Work task —
Print the records again, matching each line exactly.

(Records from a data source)
··········
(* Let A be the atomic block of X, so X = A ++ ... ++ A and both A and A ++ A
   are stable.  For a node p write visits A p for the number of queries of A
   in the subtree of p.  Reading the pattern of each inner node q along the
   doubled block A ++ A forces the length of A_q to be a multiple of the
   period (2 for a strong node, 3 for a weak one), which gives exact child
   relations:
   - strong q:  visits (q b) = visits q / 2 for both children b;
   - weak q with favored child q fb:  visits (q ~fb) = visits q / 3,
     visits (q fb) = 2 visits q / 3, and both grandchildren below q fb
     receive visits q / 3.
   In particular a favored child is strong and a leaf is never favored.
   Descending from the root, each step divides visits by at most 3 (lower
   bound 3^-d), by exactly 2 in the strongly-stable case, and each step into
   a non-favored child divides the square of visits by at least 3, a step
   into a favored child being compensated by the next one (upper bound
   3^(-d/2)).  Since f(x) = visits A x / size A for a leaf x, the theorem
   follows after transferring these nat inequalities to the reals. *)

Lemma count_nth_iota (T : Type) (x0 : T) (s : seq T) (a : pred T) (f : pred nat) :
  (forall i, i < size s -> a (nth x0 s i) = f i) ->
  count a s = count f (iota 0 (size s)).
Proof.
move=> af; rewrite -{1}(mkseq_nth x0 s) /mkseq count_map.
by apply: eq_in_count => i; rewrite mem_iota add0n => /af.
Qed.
··········
Answer to this problem —
(* Let A be the atomic block of X, so X = A ++ ... ++ A and both A and A ++ A
   are stable.  For a node p write visits A p for the number of queries of A
   in the subtree of p.  Reading the pattern of each inner node q along the
   doubled block A ++ A forces the length of A_q to be a multiple of the
   period (2 for a strong node, 3 for a weak one), which gives exact child
   relations:
   - strong q:  visits (q b) = visits q / 2 for both children b;
   - weak q with favored child q fb:  visits (q ~fb) = visits q / 3,
     visits (q fb) = 2 visits q / 3, and both grandchildren below q fb
     receive visits q / 3.
   In particular a favored child is strong and a leaf is never favored.
   Descending from the root, each step divides visits by at most 3 (lower
   bound 3^-d), by exactly 2 in the strongly-stable case, and each step into
   a non-favored child divides the square of visits by at least 3, a step
   into a favored child being compensated by the next one (upper bound
   3^(-d/2)).  Since f(x) = visits A x / size A for a leaf x, the theorem
   follows after transferring these nat inequalities to the reals. *)

Lemma count_nth_iota (T : Type) (x0 : T) (s : seq T) (a : pred T) (f : pred nat) :
  (forall i, i < size s -> a (nth x0 s i) = f i) ->
  count a s = count f (iota 0 (size s)).
Proof.
move=> af; rewrite -{1}(mkseq_nth x0 s) /mkseq count_map.
by apply: eq_in_count => i; rewrite mem_iota add0n => /af.
Qed.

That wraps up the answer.